Installing Hadoop is not a trivial task and we don't need to get into this to try our samples for the mongo-hadoop connector. To learn about Hadoop and its installation, there are dedicated books and articles available. For the purpose of this article, we will simply be downloading the archive and extracting and running the MapReduce jobs in a standalone mode. This is the quickest way to get going with Hadoop. All the steps up to step 6 are needed to install Hadoop. In the next couple of steps, we will simply clone the mongo-hadoop connector recipe. You can also download a stable, built version for your version of Hadoop from https://github.com/mongodb/mongo-hadoop/releases if you prefer not to build from the source. We will then build the connector for our version of Hadoop (2.4.0) till step 13. From step 14 onwards is what we will do to run the actual MapReduce job in order to work on the data in MongoDB. We imported the data to the yield_historical.in collection, which would be used as an input to the MapReduce job. Go ahead and query the collection from the Mongo shell using the mongo_hadoop database to see a document. Don't worry if you don't understand the contents; we want to see in this example what we intend to do with this data.

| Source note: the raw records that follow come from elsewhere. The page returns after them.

(* For every positive integer $k$ there exists a finite-dimensional real $k$-step nilpotent Lie algebra carrying an abelian hypercomplex structure. Concretely, if $A$ is the complex commutative algebra of $(k+1)\times(k+1)$ complex upper triangular Toeplitz matrices with zero diagonal (matrices whose $(p,q)$ entry is $a_{q-p}$ for $q>p$ and $0$ otherwise, with $a_1,\dots,a_k\in\mathbb C$), then $\mathfrak{aff}(A)$ is $k$-step nilpotent and the structures $J(a,b)=(b,-a)$, $K(a,b)=(ia,-ib)$ form an abelian hypercomplex structure on it.
   Context: For a commutative associative algebra $A$ (viewed as a real algebra), $\mathfrak{aff}(A)$ is the real Lie algebra $A\oplus A$ with bracket $[(a,b),(a',b')]=(0,ab'-a'b)$. An abelian complex structure on a real Lie algebra is a linear map $J$ with $J^2=-\mathrm{Id}$ and $[Jx,Jy]=[x,y]$ for all $x,y$; an abelian hypercomplex structure is a pair of anticommuting abelian complex structures. A Lie algebra is $k$-step nilpotent if its lower central series $\mathfrak g^{1}=\mathfrak g$, $\mathfrak g^{j+1}=[\mathfrak g,\mathfrak g^j]$ satisfies $\mathfrak g^{k+1}=0\ne\mathfrak g^{k}$. *)

From HB Require Import structures.
From mathcomp Require Import all_boot all_order all_algebra.
From mathcomp Require Import complex.
From mathcomp Require Import reals.
Set Implicit Arguments. Unset Strict Implicit. Unset Printing Implicit Defensive.
Import Order.TTheory GRing.Theory Num.Theory.
Local Open Scope ring_scope.
Local Open Scope complex_scope.

Section Aff.
Variable R : realType.
Local Notation C := (complex R).
Variable k : nat.

Definition Mat := 'M[C]_(k.+1).

Definition inA (M : Mat) : Prop :=
  exists a : nat -> C, forall p q : 'I_(k.+1),
    M p q = if (p < q)%N then a (q - p)%N else 0.

Definition V := (Mat * Mat)%type.

Definition aff (x : V) : Prop := inA x.1 /\ inA x.2.

Definition affbr (x y : V) : V := (0, x.1 *m y.2 - y.1 *m x.2).

Definition rscale (r : R) (x : V) : V := ((r%:C) *: x.1, (r%:C) *: x.2).

Inductive rspan (S : V -> Prop) : V -> Prop :=
  | rspan0 : rspan S 0
  | rspan_in x : S x -> rspan S x
  | rspanD x y : rspan S x -> rspan S y -> rspan S (x + y)
  | rspanZ r x : rspan S x -> rspan S (rscale r x).

(* lcs j = g^(j+1) of the lower central series: g^1 = g,
   g^(j+1) = span [g, g^j] *)
Fixpoint lcs (j : nat) : V -> Prop :=
  match j with
  | O => aff
  | S m => rspan (fun z => exists x y, aff x /\ lcs m y /\ z = affbr x y)
  end.

Definition lower_central (j : nat) : V -> Prop := lcs j.-1.

Definition k_step_nilpotent (n : nat) : Prop :=
  (forall z, lower_central n.+1 z -> z = 0) /\
  (exists z, lower_central n z /\ z <> 0).

Definition abelian_complex_structure (J : V -> V) : Prop :=
  (forall x, aff x -> aff (J x)) /\
  (forall x y, aff x -> aff y -> J (x + y) = J x + J y) /\
  (forall r x, aff x -> J (rscale r x) = rscale r (J x)) /\
  (forall x, aff x -> J (J x) = - x) /\
  (forall x y, aff x -> aff y -> affbr (J x) (J y) = affbr x y).

Definition abelian_hypercomplex_structure (J K : V -> V) : Prop :=
  abelian_complex_structure J /\ abelian_complex_structure K /\
  (forall x, aff x -> J (K x) = - K (J x)).

Definition Jst (x : V) : V := (x.2, - x.1).
Definition Kst (x : V) : V := ('i *: x.1, - ('i *: x.2)).

End Aff.

From HB Require Import structures.
From mathcomp Require Import all_boot all_order all_algebra.
From mathcomp Require Import complex reals.
From mathcomp Require Import zify.
Set Implicit Arguments. Unset Strict Implicit. Unset Printing Implicit Defensive.
Import Order.TTheory GRing.Theory Num.Theory.
Local Open Scope ring_scope.

(* A is the algebra of polynomials without constant term in the nilpotent
   shift matrix N = shiftmx 1, so it is commutative; this makes J and K
   abelian, and they are real-linear and anticommute because 'i is a scalar.
   Brackets land in the second component and products of elements of A push
   the support strictly upwards, so the m-th term of the lower central series
   of aff(A) vanishes on the diagonals 0..m; for m = k it is zero, while
   (0, N^k) survives in the k-th term. *)

Section ShiftMatrix.
Variables (T : nzRingType) (n : nat).
Local Notation M := 'M[T]_n.+1.

Definition shiftmx (j : nat) : M := \matrix_(p, q) ((q : nat) == p + j)%N%:R.

Lemma sum_eqn_mul (f : 'I_n.+1 -> T) (m : nat) :
  \sum_(r < n.+1) ((r : nat) == m)%:R * f r =
  if (m < n.+1)%N then f (inord m) else 0.
Proof.
case: ltnP => hm.
  rewrite (bigD1 (Ordinal hm)) //= eqxx mul1r big1 ?addr0.
    by congr f; apply: val_inj; rewrite /= inordK.
  move=> r hr; case: eqP => h; last by rewrite mul0r.
  by case/eqP: hr; apply: val_inj.
apply: big1 => r _; case: eqP => h; last by rewrite mul0r.
by move: (ltn_ord r); lia.
Qed.

Lemma shiftmx_mul i j : shiftmx i *m shiftmx j = shiftmx (i + j).
Proof.
apply/matrixP => p q; rewrite !mxE.
under eq_bigr => r _ do rewrite !mxE.
rewrite sum_eqn_mul; case: ltnP => h.
  by rewrite inordK //; congr (_%:R); apply/eqP/eqP; lia.
by case: eqP => //; move: (ltn_ord q); lia.
Qed.

Lemma shiftmx_exp j : shiftmx 1 ^+ j = shiftmx j.
Proof.
elim: j => [|j IHj].
  by apply/matrixP => p q; rewrite expr0 !mxE addn0 eq_sym.
by rewrite exprS -mulmxE IHj shiftmx_mul.
Qed.

Lemma shiftmx_neq0 : shiftmx n != 0.
Proof.
apply/negP => /eqP/matrixP/(_ ord0 ord_max); rewrite !mxE /= eqxx.
by apply/eqP; rewrite oner_eq0.
Qed.

Definition zero_upto_supdiag (m : nat) (A : M) :=
  forall p q : 'I_n.+1, (q <= p + m)%N -> A p q = 0.

Lemma zero_upto_supdiag0 m : zero_upto_supdiag m 0.
Proof. by move=> p q _; rewrite mxE. Qed.

Lemma zero_upto_supdiagB m A B :
  zero_upto_supdiag m A -> zero_upto_supdiag m B ->
  zero_upto_supdiag m (A - B).
Proof. by move=> hA hB p q h; rewrite !mxE hA ?hB ?subr0. Qed.

Lemma zero_upto_supdiagD m A B :
  zero_upto_supdiag m A -> zero_upto_supdiag m B ->
  zero_upto_supdiag m (A + B).
Proof. by move=> hA hB p q h; rewrite !mxE hA ?hB ?addr0. Qed.

Lemma zero_upto_supdiagZ m c A :
  zero_upto_supdiag m A -> zero_upto_supdiag m (c *: A).
Proof. by move=> hA p q h; rewrite !mxE hA ?mulr0. Qed.

Lemma zero_upto_supdiag_mul a b A B :
  zero_upto_supdiag a A -> zero_upto_supdiag b B ->
  zero_upto_supdiag (a + b).+1 (A *m B).
Proof.
move=> hA hB p q hq; rewrite mxE big1 // => r _.
have [hr | hr] := leqP r (p + a); first by rewrite hA ?mul0r.
by rewrite hB ?mulr0 //; lia.
Qed.

Lemma zero_upto_supdiag_eq0 A : zero_upto_supdiag n A -> A = 0.
Proof.
move=> hA; apply/matrixP => p q; rewrite mxE hA //.
by move: (ltn_ord q); lia.
Qed.

End ShiftMatrix.

Section Toeplitz.
Variables (R : realType) (k : nat).
Local Notation C := (complex R).
Local Notation M := 'M[C]_k.+1.

Lemma inA0 : inA (0 : M).
Proof. by exists (fun=> 0) => p q; rewrite mxE; case: ifP. Qed.

Lemma inA_shiftmx j : (0 < j)%N -> inA (shiftmx C k j).
Proof.
move=> j_gt0; exists (fun m => (m == j)%:R) => p q; rewrite mxE.
case: ifP => hpq; first by congr (_%:R); apply/eqP/eqP; lia.
by case: eqP => // ?; lia.
Qed.

Lemma inAZ (c : C) (A : M) : inA A -> inA (c *: A).
Proof.
case=> a ha; exists (fun m => c * a m) => p q; rewrite mxE ha.
by case: ifP; rewrite ?mulr0.
Qed.

Lemma inAN (A : M) : inA A -> inA (- A).
Proof. by move=> hA; rewrite -scaleN1r; apply: inAZ. Qed.

Lemma inA_zero_upto_supdiag (A : M) : inA A -> zero_upto_supdiag 0 A.
Proof. by case=> a ha p q h; rewrite ha; case: ltnP => //; lia. Qed.

Lemma inA_horner (A : M) :
  inA A -> exists P : {poly C}, A = horner_mx (shiftmx C k 1) P.
Proof.
case=> a ha.
(* [a 0] is not constrained by [inA A]; the constant term must be 0. *)
pose c (j : nat) := if (0 < j)%N then a j else 0.
exists (\sum_(j < k.+1) c j *: 'X^j).
rewrite linear_sum /=.
under eq_bigr => j _ do rewrite linearZ /= rmorphXn /= horner_mx_X shiftmx_exp.
apply/matrixP => p q; rewrite ha summxE.
under eq_bigr => j _ do rewrite !mxE.
case: ltnP => hpq; last first.
  rewrite big1 // => j _; rewrite /c; case: ifP => h; last by rewrite mul0r.
  by case: eqP => h'; [lia | rewrite mulr0].
have hj : (q - p < k.+1)%N by move: (ltn_ord q); lia.
rewrite (bigD1 (Ordinal hj)) //= big1 ?addr0.
  have -> : ((q : nat) == p + (q - p))%N by lia.
  by rewrite /c ifT ?mulr1 //; lia.
move=> j hj'; case: eqP => h; last by rewrite mulr0.
by case/eqP: hj'; apply: val_inj => /=; lia.
Qed.

Lemma inA_mulmxC (A B : M) : inA A -> inA B -> A *m B = B *m A.
Proof.
move=> /inA_horner [P ->] /inA_horner [Q ->].
by rewrite mulmxE; apply: comm_horner_mx2.
Qed.

End Toeplitz.

Section LowerCentralSeries.
Variables (R : realType) (k : nat).
Local Notation C := (complex R).

Lemma lcs_zero_upto_supdiag m (z : V R k) :
  lcs m z -> zero_upto_supdiag m z.1 /\ zero_upto_supdiag m z.2.
Proof.
elim: m z => [|m IHm] z /=.
  by case=> /inA_zero_upto_supdiag h1 /inA_zero_upto_supdiag h2.
elim=> [|_ [x [y [[hx1 hx2] [/IHm [hy1 hy2] ->]]]]|x y _ [hx1 hx2] _ [hy1 hy2]
       |r x _ [hx1 hx2]] /=.
- by split; apply: zero_upto_supdiag0.
- split; first exact: zero_upto_supdiag0.
  apply: zero_upto_supdiagB.
    exact: zero_upto_supdiag_mul (inA_zero_upto_supdiag hx1) hy2.
  rewrite -[m]addn0; exact: zero_upto_supdiag_mul hy1 (inA_zero_upto_supdiag hx2).
- by split; apply: zero_upto_supdiagD.
- by split; apply: zero_upto_supdiagZ.
Qed.

Lemma lcs_shiftmx j : lcs j ((0 : 'M[C]_k.+1), shiftmx C k j.+1).
Proof.
elim: j => [|j IHj] /=; first by split; [apply: inA0 | apply: inA_shiftmx].
apply: rspan_in; exists (shiftmx C k 1, 0), (0, shiftmx C k j.+1).
split; first by split; [apply: inA_shiftmx | apply: inA0].
by split=> //; rewrite /affbr /= mul0mx subr0 shiftmx_mul.
Qed.

Lemma aff_k_step_nilpotent : (0 < k)%N -> k_step_nilpotent R k k.
Proof.
move=> k_gt0; split.
  case=> z1 z2 /lcs_zero_upto_supdiag /= [/zero_upto_supdiag_eq0 ->].
  by move=> /zero_upto_supdiag_eq0 ->.
exists (0, shiftmx C k k); split.
  by have := lcs_shiftmx k.-1; rewrite prednK.
by move=> /(congr1 snd) Nk_eq0; case/eqP: (shiftmx_neq0 C k).
Qed.

End LowerCentralSeries.

Section HypercomplexStructure.
Variables (R : realType) (k : nat).

Lemma Jst_abelian_complex : abelian_complex_structure (@Jst R k).
Proof.
split; [|split; [|split; [|split]]].
- by move=> x [h1 h2]; split => //=; apply: inAN.
- by move=> x y _ _; rewrite /Jst /= opprD.
- by move=> r x _; rewrite /Jst /rscale /= scalerN.
- by move=> [a b] _.
- move=> x y [hx1 hx2] [hy1 hy2]; rewrite /affbr /Jst /=.
  by rewrite !mulmxN (inA_mulmxC hx2 hy1) (inA_mulmxC hx1 hy2) opprK addrC.
Qed.

Lemma Kst_abelian_complex : abelian_complex_structure (@Kst R k).
Proof.
have ii : ('i * 'i : R[i]) = -1 by rewrite -expr2 sqrCi.
split; [|split; [|split; [|split]]].
- by move=> x [h1 h2]; split => /=; [apply: inAZ | apply/inAN/inAZ].
- by move=> x y _ _; rewrite /Kst /= !scalerDr opprD.
- by move=> r x _; rewrite /Kst /rscale /= scalerN !scalerA mulrC.
- by move=> [a b] _; rewrite /Kst /= scalerN opprK !scalerA ii !scaleN1r.
- move=> x y _ _; rewrite /affbr /Kst /=.
  by rewrite !mulmxN -!scalemxAl -!scalemxAr !scalerA ii !scaleN1r !opprK.
Qed.

Lemma Jst_Kst_anticomm x : Jst (Kst x) = - Kst (@Jst R k x).
Proof. by case: x => a b; rewrite /Jst /Kst /= !scalerN !opprK. Qed.

End HypercomplexStructure.

Theorem mainTheorem10 (R : realType) (k : nat) (hk : (0 < k)%N) :
  k_step_nilpotent R k k /\
  abelian_hypercomplex_structure (@Jst R k) (@Kst R k).
Proof.
split; first exact: aff_k_step_nilpotent.
split; first exact: Jst_abelian_complex.
split; first exact: Kst_abelian_complex.
by move=> x _; apply: Jst_Kst_anticomm.
Qed.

The next step was to invoke the MapReduce operation on the data. The hadoop command was executed giving one jar's path, (examples/treasury_yield/build/libs/treasury_yield-1.2.1-SNAPSHOT-hadoop_2.4.jar). This is the jar that contains the classes implementing a sample MapReduce operation for the treasury yield. The com.mongodb.hadoop.examples.treasury.TreasuryYieldXMLConfig class in this JAR file is the bootstrap class containing the main method. We will visit this class soon. There are lots of configurations supported by the connector.For now, we will just remember that mongo.input.uri and mongo.output.uri are the collections for the input and output for the MapReduce operations.

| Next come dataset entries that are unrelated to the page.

Lemma count_disjoint_le (X : Type) (a1 a2 b : pred X) (s : seq X) :
  (forall x, a1 x -> ~~ a2 x) -> (forall x, a1 x || a2 x -> b x) ->
  count a1 s + count a2 s <= count b s.
Proof.
move=> disj sub; rewrite -count_predUI (@eq_count _ (predI a1 a2) pred0).
  by rewrite count_pred0 addn0; apply: sub_count.
by move=> x /=; case a1x: (a1 x); rewrite //= (negbTE (disj x a1x)).
Qed.

Lemma sum_le_one_term (K : seq nat) (F : nat -> nat) :
  size K <= 1 -> exists b, \sum_(c <- K) F c <= F b.
Proof.
case: K => [|b [|]] // _; first by exists 0; rewrite big_nil.
by exists b; rewrite big_seq1.
Qed.

Fixpoint words (A : seq nat) (k : nat) : seq (seq nat) :=
  if k is k'.+1 then [seq a :: w | a <- A, w <- words A k'] else [:: [::]].

Lemma mem_words (A w : seq nat) : all (mem A) w -> w \in words A (size w).
Proof. by elim: w => [|a w IH] //= /andP[aA /IH wA]; apply: allpairs_f. Qed.

Definition right_support sigma T W :=
  [seq b <- iota 0 sigma.+1 | occ T (rcons W b) != [::]].
Definition left_support sigma T W :=
  [seq a <- iota 0 sigma.+1 | occ T (a :: W) != [::]].

Definition maximal_repeatb sigma T W :=
  [&& 1 < size (occ T W), 1 < size (right_support sigma T W)
    & 1 < size (left_support sigma T W)].

Definition cdawg_arcb sigma T (x : seq nat * nat) :=
  maximal_repeatb sigma T x.1 && (occ T (rcons x.1 x.2) != [::]).

Definition arcs_above (L : seq (seq nat * nat)) u := count (fun x => infix u x.1) L.

Lemma arcs_above_infix L u v : infix u v -> arcs_above L v <= arcs_above L u.
Proof. by move=> uv; apply: sub_count => x /= /(infix_trans uv). Qed.

Lemma arcs_above_nil L : arcs_above L [::] = size L.
Proof.
by rewrite /arcs_above (eq_count (a2 := predT)) ?count_predT // => x; exact: infix0s.
Qed.

Section Text.

Variables (sigma : nat) (T : seq nat).
Hypothesis letter_T : forall i, nth 0 T i <= sigma.
Hypothesis terminator_T : forall i, i < size T -> (nth 0 T i == 0) = (i == (size T).-1).

Local Notation alphabet := (iota 0 sigma.+1).

Lemma occurs_letter W i j : occurs T W i -> j < size W -> nth 0 W j \in alphabet.
Proof. by move=> occ_i /(occurs_nth occ_i)->; rewrite mem_iota ltnS letter_T. Qed.

Lemma right_support_ext W b : occ T (rcons W b) != [::] -> b \in alphabet.
Proof.
move=> /occ_nonnil[i occ_i].
have := occurs_letter occ_i (_ : size W < size (rcons W b)).
by rewrite nth_rcons ltnn eqxx size_rcons; apply.
Qed.

Lemma left_support_ext W a : occ T (a :: W) != [::] -> a \in alphabet.
Proof. by move=> /occ_nonnil[i occ_i]; exact: (occurs_letter occ_i (ltn0Sn _)). Qed.

Lemma size_occ_long W : size T <= size W -> size (occ T W) <= 1.
Proof.
move=> long_W; rewrite size_occ -size_filter.
case E: [seq i <- iota 0 (size T) | occurs T W i] => [|i [|j s]] //.
have /andP[] : uniq [:: i, j & s] by rewrite -E filter_uniq ?iota_uniq.
rewrite inE negb_or => /andP[/eqP ij _] _; exfalso; apply: ij.
have sub : {subset [:: i, j & s] <= [pred k | (k < size T) && occurs T W k]}.
  by move=> k; rewrite -E mem_filter mem_iota /= andbC.
have /andP[lt_i occ_i] := sub i (mem_head _ _).
have /andP[lt_j occ_j] : (j < size T) && occurs T W j.
  by apply: sub; rewrite !inE eqxx orbT.
(* The occurrence at i has # at offset d, hence so has the occurrence at j. *)
set d := (size T).-1 - i.
have lt_d : d < size W by rewrite /d; lia.
have id_end : i + d = (size T).-1 by rewrite /d; lia.
have jd_end : (j + d) %% size T = (size T).-1.
  apply/eqP; rewrite -terminator_T ?ltn_mod; last lia.
  rewrite -(occurs_nth occ_j lt_d) (occurs_nth occ_i lt_d) id_end.
  by rewrite modn_small ?terminator_T; lia.
have : j + d = i + d %[mod size T] by rewrite jd_end id_end modn_small //; lia.
by move/eqP; rewrite eqn_modDr !modn_small // => /eqP.
Qed.

Lemma size_occ_rcons_sum W :
  size (occ T W) = \sum_(b <- right_support sigma T W) size (occ T (rcons W b)).
Proof.
rewrite -sum_size_nonnil.
under eq_bigr => b _ do rewrite size_occ (eq_count (occurs_rcons T W b)).
rewrite size_occ sum_count_partition ?iota_uniq // => i _.
by rewrite mem_iota ltnS letter_T.
Qed.

Lemma size_occ_cons_sum W :
  size (occ T W) = \sum_(a <- left_support sigma T W) size (occ T (a :: W)).
Proof.
rewrite -sum_size_nonnil.
under eq_bigr => a _ do rewrite size_occ (eq_count (occurs_cons T a W)).
under eq_bigr => a _ do rewrite (eq_count (fun i => andbC _ (occurs T W i.+1))).
rewrite sum_count_partition ?iota_uniq //; last first.
  by move=> i _; rewrite mem_iota ltnS letter_T.
by rewrite size_occ count_succ_iota // -[size T]add0n occurs_addn_size.
Qed.

Lemma right_maximalE W : right_maximal T W <-> 1 < size (right_support sigma T W).
Proof. by apply: two_witnessesP; [exact: iota_uniq | exact: right_support_ext]. Qed.

Lemma left_maximalE W : left_maximal T W <-> 1 < size (left_support sigma T W).
Proof. by apply: two_witnessesP; [exact: iota_uniq | exact: left_support_ext]. Qed.

Lemma maximal_repeatP W : maximal_repeat T W <-> maximal_repeatb sigma T W.
Proof.
rewrite /maximal_repeat /maximal_repeatb right_maximalE left_maximalE.
by split=> [[-> [-> ->]] | /and3P[]].
Qed.

Lemma cdawg_arcP x : cdawg_arc T x <-> cdawg_arcb sigma T x.
Proof.
rewrite /cdawg_arc /cdawg_arcb maximal_repeatP.
by split=> [[-> ->] | /andP[]].
Qed.

Lemma occ_le_rcons W : size (right_support sigma T W) <= 1 ->
  exists b, size (occ T W) <= size (occ T (rcons W b)).
Proof. by rewrite size_occ_rcons_sum; apply: sum_le_one_term. Qed.

Lemma occ_le_cons W : size (left_support sigma T W) <= 1 ->
  exists a, size (occ T W) <= size (occ T (a :: W)).
Proof. by rewrite size_occ_cons_sum; apply: sum_le_one_term. Qed.

Section ArcCount.

Variable L : seq (seq nat * nat).
Hypothesis arcs_in_L : forall x, cdawg_arc T x -> x \in L.

Lemma arcs_above_branch u b : maximal_repeat T u ->
  arcs_above L (rcons u b) + size (right_support sigma T u) <= arcs_above L u.
Proof.
move=> max_u.
have arcs_u : size (right_support sigma T u) <= count (fun x => x.1 == u) L.
  rewrite -size_filter -(size_map (pair u)); apply: uniq_leq_size.
    by rewrite map_inj_uniq ?filter_uniq ?iota_uniq // => c d [].
  move=> x /mapP[c]; rewrite mem_filter => /andP[ext_c _] ->.
  by rewrite mem_filter eqxx arcs_in_L.
apply: leq_trans (leq_add (leqnn _) arcs_u) (count_disjoint_le _ _ _) => x /=.
  by move=> /size_infix; rewrite size_rcons; apply: contraTN => /eqP->; rewrite ltnn.
by case/orP => [|/eqP->]; [exact: infix_trans (infix_rcons u b) | exact: infix_refl].
Qed.

Lemma size_occ_le_exp u : size (occ T u) <= 2 ^ arcs_above L u.
Proof.
have [d] := ubnP (size T - size u); elim: d u => // d IH u le_d.
have [long | short] := leqP (size T) (size u).
  by apply: leq_trans (size_occ_long long) _; rewrite expn_gt0.
have IHr b : size (occ T (rcons u b)) <= 2 ^ arcs_above L (rcons u b).
  by apply: IH; rewrite size_rcons; lia.
have IHl a : size (occ T (a :: u)) <= 2 ^ arcs_above L (a :: u).
  by apply: IH => /=; lia.
have [right_le1 | right_gt1] := leqP (size (right_support sigma T u)) 1.
  have [b occ_b] := occ_le_rcons right_le1.
  apply: leq_trans occ_b (leq_trans (IHr b) _).
  by rewrite leq_pexp2l // arcs_above_infix // infix_rcons.
have [left_le1 | left_gt1] := leqP (size (left_support sigma T u)) 1.
  have [a occ_a] := occ_le_cons left_le1.
  apply: leq_trans occ_a (leq_trans (IHl a) _).
  by rewrite leq_pexp2l // arcs_above_infix // infix_cons.
have [occ_le1 | occ_gt1] := leqP (size (occ T u)) 1.
  by apply: leq_trans occ_le1 _; rewrite expn_gt0.
have max_u : maximal_repeat T u by apply/maximal_repeatP/and3P.
have branch b := arcs_above_branch b max_u.
set K := right_support sigma T u in right_gt1 branch *.
have le_K : size K <= arcs_above L u.
  by apply: leq_trans (leq_addl _ _) (branch 0).
rewrite size_occ_rcons_sum -/K.
apply: (@leq_trans (\sum_(b <- K) 2 ^ (arcs_above L u - size K))).
  apply: leq_sum => b _; apply: leq_trans (IHr b) _.
  by rewrite leq_pexp2l // leq_subRL // addnC branch.
rewrite big_const_seq count_predT iter_addn_0.
rewrite -{2}(subnKC le_K) expnD [in leqLHS]mulnC leq_mul2r.
by rewrite ltnW ?orbT // ltn_expl.
Qed.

With the project cloned, you can import it to any Java IDE of your choice. We are particularly interested in the project at /examples/treasury_yield and the core present in the root of the cloned repository.

Let's look at the com.mongodb.hadoop.examples.treasury.TreasuryYieldXMLConfig class. This is the entry point to the MapReduce method and has a main method in it. To write MapReduce jobs for mongo using the mongo-hadoop connector, the main class always has to extend from com.mongodb.hadoop.util.MongoTool. This class implements the org.apache.hadoop.Tool interface, which has the run method and is implemented for us by the MongoTool class. All that the main method needs to do is execute this class using the org.apache.hadoop.util.ToolRunner class by invoking its static run method passing the instance of our main class (which is an instance of Tool).

There is a static block that loads the configurations from two XML files, hadoop-local.xml and mongo-defaults.xml. The format of these files (or any XML file) is as follows. The root node of the file is the configuration node and multiple property nodes under it.

<configuration>

  <property>

    <name>{property name}</name>

    <value>{property value}</value>

  </property>

  ...

</configuration>

The property values that make sense in this context are all those that we mentioned in the URL provided earlier. We instantiate com.mongodb.hadoop.MongoConfig wrapping an instance of org.apache.hadoop.conf.Configuration in the constructor of the bootstrap class, TreasuryYieldXmlConfig. The MongoConfig class provides sensible defaults that are enough to satisfy the majority of the use cases. Some of the most important things that we need to set in the MongoConfig instance are to set the output and input format, mapper and reducer classes, output key, and value of the mapper, output key, and reducer. The input format and output format will always be the com.mongodb.hadoop.-MongoInputFormat and com.mongodb.hadoop.MongoOutputFormat classes, which are provided by the mongo-hadoop connector library. For the mapper and reducer output key and its value, we have the org.apache.hadoop.io.Writable implementation. Refer to the Hadoop documentation for different types of writable implementations in the org.apache.hadoop.io package. Apart from these, the mongo-hadoop connector also provides us with some implementations in the com.mongodb.hadoop.io package. For the treasury yield example, we used the BSONWritable instance. These configurable values can either be provided in the XML file that we saw earlier or be programmatically set. Finally, we have the option to provide them as vm arguments that we did for mongo.input.uri and mongo.output.uri. These parameters can be provided either in the XML or invoked directly from the code on the MongoConfig instance; the two methods are setInputURI and setOutputURI, respectively.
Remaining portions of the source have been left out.